Pediatric Guidelines for H. Pylori Diagnosis and Treatment (By: Juan Gregory, MD)

The European and North American Society of Pediatric Gastroenterology, Hepatology and Nutrition (ESPGHAN and NASPGHAN) jointly renewed clinical guidelines using a standardized evidence-based approach to develop updated recommendations for children and adolescents in North America and Europe. These clinical practice guidelines represent updated, best-available evidence and are meant for children and adolescents living in Europe and North America.
Diagnostic testing for H. pylori in patients with functional abdominal pain is not indicated. It is recommended that the diagnosis of H. pylori infection be based on either a positive histopathology plus a rapid urease test or positive culture of tissue obtained from the corpus and antrum of the stomach. A test and treat strategy is not recommended. Test based on antibodies (IgA,IgG) for H. pylori are not reliable because of the lack of sensitivity and specificity.
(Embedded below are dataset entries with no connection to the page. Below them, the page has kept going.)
Lemma sum_diag_sqr_le (f : 'I_m -> 'I_m -> C) :
  (\sum_i f i i) * (\sum_i f i i)^* <= m%:R * sqsum f.
Proof.
pose u : 'rV[C]_m := \row_i f i i; pose one : 'rV[C]_m := const_mx 1.
have /= := (CauchySchwarz (@dotmx C m) u one).1.
have -> : dotmx u one = \sum_i f i i.
  by rewrite dotmx_sum; apply: eq_bigr => i _; rewrite !mxE conjC1 mulr1.
have -> : dotmx one one = m%:R.
  rewrite dotmx_sum (eq_bigr (fun _ => 1)) ?sumr_const ?card_ord // => i _.
  by rewrite !mxE conjC1 mulr1.
rewrite normCK => /le_trans; apply; rewrite mulrC ler_wpM2l ?ler0n // dotmx_sum /sqsum.
apply: ler_sum => i _; rewrite (bigD1 i) //= !mxE lerDl.
by rewrite sumr_ge0 // => j _; rewrite mul_conjC_ge0.
Qed.

(* The quadratic forms of [ppt_state] and of its partial transpose, written in
   terms of the four blocks a, b, e, f of a vector (indices 11, 00, 10, 01). *)
Lemma block_form_ge0 (a b e f : 'I_m -> 'I_m -> C) :
  0 <= (m * m)%:R * sqsum a + m%:R * \sum_i \sum_j b j j * (a i i)^* +
    (m%:R * sqsum e + -1 * \sum_i \sum_j f j j * (e i i)^*) +
    (-1 * \sum_i \sum_j e j j * (f i i)^* + m%:R * sqsum f +
     (m%:R * \sum_i \sum_j a j j * (b i i)^* + (m * m)%:R * sqsum b)).
Proof.
rewrite !sum2_mul_conj natrM.
set ta := \sum_i a i i; set tb := \sum_i b i i.
set te := \sum_i e i i; set tf := \sum_i f i i.
have trace_le g : 0 <= m%:R * sqsum g - (\sum_i g i i) * (\sum_i g i i)^*.
  by rewrite subr_ge0 sum_diag_sqr_le.
have -> : m%:R * m%:R * sqsum a + m%:R * (tb * ta^*) + (m%:R * sqsum e + -1 * (tf * te^*)) +
    (-1 * (te * tf^*) + m%:R * sqsum f + (m%:R * (ta * tb^*) + m%:R * m%:R * sqsum b)) =
  m%:R * (m%:R * sqsum a - ta * ta^*) + m%:R * (m%:R * sqsum b - tb * tb^*) +
  (m%:R * sqsum e - te * te^*) + (m%:R * sqsum f - tf * tf^*) +
  m%:R * ((ta + tb) * (ta + tb)^*) + (te - tf) * (te - tf)^*.
  by rewrite rmorphD rmorphB /=; ring.
have m_ge0 : 0 <= m%:R :> C := ler0n _ _.
exact: addr_ge0 (addr_ge0 (addr_ge0 (addr_ge0 (addr_ge0
  (mulr_ge0 m_ge0 (trace_le a)) (mulr_ge0 m_ge0 (trace_le b))) (trace_le e)) (trace_le f))
  (mulr_ge0 m_ge0 (mul_conjC_ge0 _))) (mul_conjC_ge0 _).
Qed.

Lemma block_form_ptrans_ge0 (a b e f : 'I_m -> 'I_m -> C) : (0 < m)%N ->
  0 <= (m * m)%:R * sqsum a + -1 * \sum_i \sum_c b c i * (a i c)^* +
    (m%:R * sqsum e + m%:R * \sum_i \sum_c f c i * (e i c)^*) +
    (m%:R * \sum_i \sum_c e c i * (f i c)^* + m%:R * sqsum f +
     (-1 * \sum_i \sum_c a c i * (b i c)^* + (m * m)%:R * sqsum b)).
Proof.
move=> m_gt0.
have eab := @sqsum_addT (-1) a b (rmorphN1 _) ltac:(by rewrite mulN1r opprK).
have eef := @sqsum_addT 1 e f (rmorph1 _) (mulr1 1).
have MM1_ge0 : 0 <= (m * m)%:R - 1 :> C by rewrite subr_ge0 ler1n muln_gt0 m_gt0.
set X1 := \sum_i \sum_c b c i * (a i c)^*; set X2 := \sum_i \sum_c a c i * (b i c)^*.
set Y1 := \sum_i \sum_c f c i * (e i c)^*; set Y2 := \sum_i \sum_c e c i * (f i c)^*.
have -> : (m * m)%:R * sqsum a + -1 * X1 + (m%:R * sqsum e + m%:R * Y1) +
    (m%:R * Y2 + m%:R * sqsum f + (-1 * X2 + (m * m)%:R * sqsum b)) =
  ((m * m)%:R - 1) * (sqsum a + sqsum b) + (sqsum a + sqsum b + -1 * X1 + -1 * X2) +
  m%:R * (sqsum e + sqsum f + 1 * Y1 + 1 * Y2) by ring.
rewrite -eab -eef.
exact: addr_ge0 (addr_ge0 (mulr_ge0 MM1_ge0 (addr_ge0 (sqsum_ge0 a) (sqsum_ge0 b)))
  (sqsum_ge0 _)) (mulr_ge0 (ler0n _ _) (sqsum_ge0 _)).
Qed.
The cutoff value obtained in validation studies in adults results in failure to detect a large proportion of infected children. 13C-urea breath tests and ELISA test for
H pylori antigen in the stool are reliable noninvasive tests to determine H. pylori eradication.

It is recommended that diagnostic and noninvasive testing be withheld for 2 weeks after PPI’s and weeks after antibiotics have been discontinued.

First line eradication regimen: Triple therapy with a PPI + amoxicillin + clarithromycin or an imidazole or bismuth salts + amoxicillin + imidazole or a sequential therapy: 5 days of a PPI + amoxicillin, then 5 days of a PPI + clarithromycin + metronidazole. It is recommended that the duration of therapy be 7-14 days.